In the "similarity tour" notebook that we did in class, we used Latent Dirichlet Allocation to identify topics.  This time we will use an alternative algorithm called Non-negative Matrix Factorization.  The `NMF` class is also in the `sklearn.decomposition` module, and the process for using it essentially the same as for LDA.  Unlike LDA, NMF works okay with Tf-Idf features, so you don't need to create a separate CountVectorizer; you can use the TfidfVectorizer you created above.

Like LDA, NMF requires us to specify up front the number of topics we are looking for.  That means the first thing to do is think of your favorite number.  If your favorite number isn't between 3 and 10, think of your second-favorite number.  If that's still not between 3 and 10 --- okay, okay, just think of a number between 3 and 10.  (We can choose any number of topics, but it becomes difficult to practically evaluate the topics if there are more than about 10.)
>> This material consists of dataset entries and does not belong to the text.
Lemma sonic_point_critical :
  let F := Ffun g gam Hn (s p) (mu_of g n u p) in
  dn F sig0 (n p) = 0 /\ dsig F sig0 (n p) = 0 /\ hessian_det F sig0 (n p) <= 0.
Proof.
move=> F; pose a sg := `|g (gam sg) tau_i tau_i|.
pose c sg := `|g (gam sg) tau_i tau_i| * (mu_of g n u p / Num.sqrt `|\det (g (gam sg))|) ^+ 2.
have -> : F = fun sg m => al m * a sg + be m * c sg.
  by apply/funext => sg; apply/funext => m; rewrite /F /Ffun /al /be /a /c invfM; ring.
have np_gt0 := n_gt0 Up.
have np_near : \forall m \near n p, [set m | 0 < m] m by apply: lt_nbhsr.
have al2 := derivable2_atM np_near np_gt0 H_derivable2 H_derivable2.
have be2 := derivable2_atM np_near np_gt0 al2
  (derivable2_atM np_near np_gt0 (derivable2_at_inv np_gt0) (derivable2_at_inv np_gt0)).
have sig0I' : sig0 \in `]sig1, sig2[ by rewrite in_itv.
have I_near := near_in_itvoo sig0I'.
have ta2 := derivable2_atN I_near (derivable2_flow (g_C2 tau_i tau_i)).
have nu2 := derivable2_atM I_near sig0I' (derivable2_flow n_C2) (derivable2_flow (u_C2 lam_i)).
have tc2 := derivable2_atM I_near sig0I' ta2 (derivable2_atM I_near sig0I' nu2 nu2).
have a_eq : {in `]sig1, sig2[, a =1 ta}.
  by move=> t; rewrite in_itv => tI; rewrite /a /ta ltr0_norm //; apply/g_tau_tau_lt0/gamU.
have c_eq : {in `]sig1, sig2[, c =1 tc}.
  move=> t; rewrite in_itv => tI; rewrite /c /tc mu_flow // ltr0_norm //.
  exact/g_tau_tau_lt0/gamU.
have N_gt0 : {in `]sig1, sig2[, forall t, 0 < n (gam t)}.
  by move=> t; rewrite in_itv => tI; apply/n_gt0/gamU.
exact: (separable_level_curve_critical sig0I' np_gt0 (congr1 n gam_p) al2 be2 a_eq c_eq
  ta2 tc2 (derivable2_flow n_C2) N_gt0 level_flow sonic_critical).
Qed.

End SteadyFlow.

Unset Implicit Arguments.

Theorem theorem7 (R : realType) (k : nat) (U : set 'rV[R]_k.+2)
  (g : 'rV[R]_k.+2 -> 'M[R]_k.+2)
  (n h P s Temp v : 'rV[R]_k.+2 -> R) (u : 'rV[R]_k.+2 -> 'rV[R]_k.+2)
  (Hn : R -> R -> R) (gam : R -> 'rV[R]_k.+2) (sig1 sig2 sig0 : R) (p : 'rV[R]_k.+2)
  (* the chart domain and the metric *)
  (hU : open U)
  (hlor : forall x, U x -> lorentzian (g x))
  (hgC2 : forall a b, C2_on U (fun x => g x a b))
  (* xi = d/dtau is a timelike Killing field; eta-bar = d/dlambda unit, spacelike, orthogonal *)
  (hKill : forall x, U x -> lie_met xi g x = 0)
  (htime : forall x, U x -> gdot g x (xi x) (xi x) < 0)
  (heta : forall x, U x -> gdot g x (etabar x) (etabar x) = 1 /\ gdot g x (xi x) (etabar x) = 0)
  (* the perfect fluid, of class C^2 *)
  (hpos : forall x, U x -> 0 < n x /\ 0 < h x /\ 0 < P x /\ 0 < s x /\ 0 < Temp x)
  (hC2 : C2_on U n /\ C2_on U h /\ C2_on U P /\ C2_on U s /\ C2_on U Temp /\ C2_on U v
         /\ forall a, C2_on U (fun x => u x 0 a))
  (hunorm : forall x, U x -> gdot g x (u x) (u x) = -1)
  (hthermo : forall x, U x -> forall a,
      pd a h x = Temp x * pd a s x + (n x)^-1 * pd a P x)
  (hcont : forall x, U x -> div_vec g (fun y => n y *: u y) x = 0)
  (heuler : forall x, U x -> forall nu, div_tens g (stress g n h P u) nu x = 0)
  (hEOS : forall x, U x -> h x = Hn (n x) (s x))
  (hHn : forall s0, C2_on_R [set m | 0 < m] (fun m => Hn m s0))
  (hvs : forall x, U x -> 0 < sound2 Hn (n x) (s x) < 1)
  (* steadiness *)
  (hsteady : forall x, U x ->
      lie_fun xi P x = 0 /\ lie_fun xi s x = 0 /\ lie_vec xi u x = 0 /\ lie_vec xi etabar x = 0)
  (hv : forall x, U x -> 0 <= v x < 1)
  (hu : forall x, U x -> u x = (Num.sqrt (1 - v x ^+ 2))^-1 *:
          ((Num.sqrt `|gdot g x (xi x) (xi x)|)^-1 *: xi x + v x *: etabar x))
  (* the fluid world line through p, parametrized by proper time *)
  (hsig : sig1 < sig0 < sig2)
  (hgamU : forall t, sig1 < t < sig2 -> U (gam t))
  (hgam : forall t, sig1 < t < sig2 -> is_derive t 1 gam (u (gam t)))
  (hp : gam sig0 = p)
  (hs_const : forall t, sig1 < t < sig2 -> s (gam t) = s p)
  (hmu_const : forall t, sig1 < t < sig2 -> mu_of g n u (gam t) = mu_of g n u p)
  (* p is a sonic point *)
  (hsonic : v p = Num.sqrt (sound2 Hn (n p) (s p))) :
  let F := Ffun g gam Hn (s p) (mu_of g n u p) in
  dn F sig0 (n p) = 0 /\ dsig F sig0 (n p) = 0 /\ hessian_det F sig0 (n p) <= 0.
Proof.
have [n_C2 [h_C2 [P_C2 [_ [_ [_ u_C2]]]]]] := hC2.
exact: (sonic_point_critical hU hlor hgC2 hKill htime (fun x Ux => (heta x Ux).2)
  (fun x Ux => (hpos x Ux).1) (fun x Ux => (hpos x Ux).2.1) n_C2 h_C2 P_C2 u_C2 hcont heuler
  hEOS hHn (fun x Ux => (andP (hvs x Ux)).1) (fun x Ux => (hsteady x Ux).1) hv hu hsig
  hgamU hgam hp hs_const hmu_const hsonic).
Qed.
Create an NMF model using the number of topics you chose, and fit it on your wines data (all the wines, not just Happy Canyon).

In [100]:
nmf = NMF(n_components=3).fit(features)

We would like to see which words are associated with each topic.  To do that, we'll make a DataFrame that will hold the topic weight for each word.  Use the `.components_` attribute of your fitted model to get the topic-word association weights, and wrap them into a DataFrame with the word as the index, as we did in class.  Each topic should be represented as one column in your DataFrame.

In [102]:
topics = pd.DataFrame(nmf.components_.T, index=vectorizer.get_feature_names())
topics.head()

Unnamed: 0,0,1,2
0,0.042334,0.020113,0.0
4,0.025277,0.0,0.0
5,0.042461,0.0,0.0
6,0.030399,0.009406,0.0
10,0.091265,0.000647,0.050331


Iterate over the columns of your topic DataFrame, and for each one, sort the words by their weight associated with that topic, and print out the 10 most "important" words for the topic.  Your output should look something like this:

```
Topic1: ['blah', 'these', 'words', 'are', 'important', 'for', 'topic', 'one', 'yeah', 'man']
Topic2: ['and', 'these', 'others', 'are', 'vital', 'to', 'topic', 'two', 'seriously', 'critical']
...
```

In [113]:
for i in range(3):
    print('Topic{}:'.format(i), list(topics[i].sort_values().tail(10).index))

Topic0: ['soft', 'oak', 'blackberry', 'wine', 'cabernet', 'drink', 'dry', 'cherry', 'tannins', 'flavors']
Topic1: ['sweet', 'pineapple', 'lemon', 'wine', 'apple', 'chardonnay', 'vanilla', 'crisp', 'flavors', 'acidity']
Topic2: ['cherry', 'red', 'dried', 'bottling', 'plum', 'fruit', 'aromas', 'nose', 'palate', 'black']


**Questions**

1. Can you explain what each topic "means", or give a description of what each topic is "about"?  Give an explanation as best you can for each topic.
2. Do you think the number of topics you chose was too small, too big, or just right?  Why do you think so?
3. How does the output of the topic modeling here differ from what we saw in class with topic modeling on Wikipedia articles (besides the obvious difference that it has different words because the texts are different)?  Why do you think this is?
4. Do you think this topic modeling would be useful in navigating or making use of wine reviews?  Why or why not?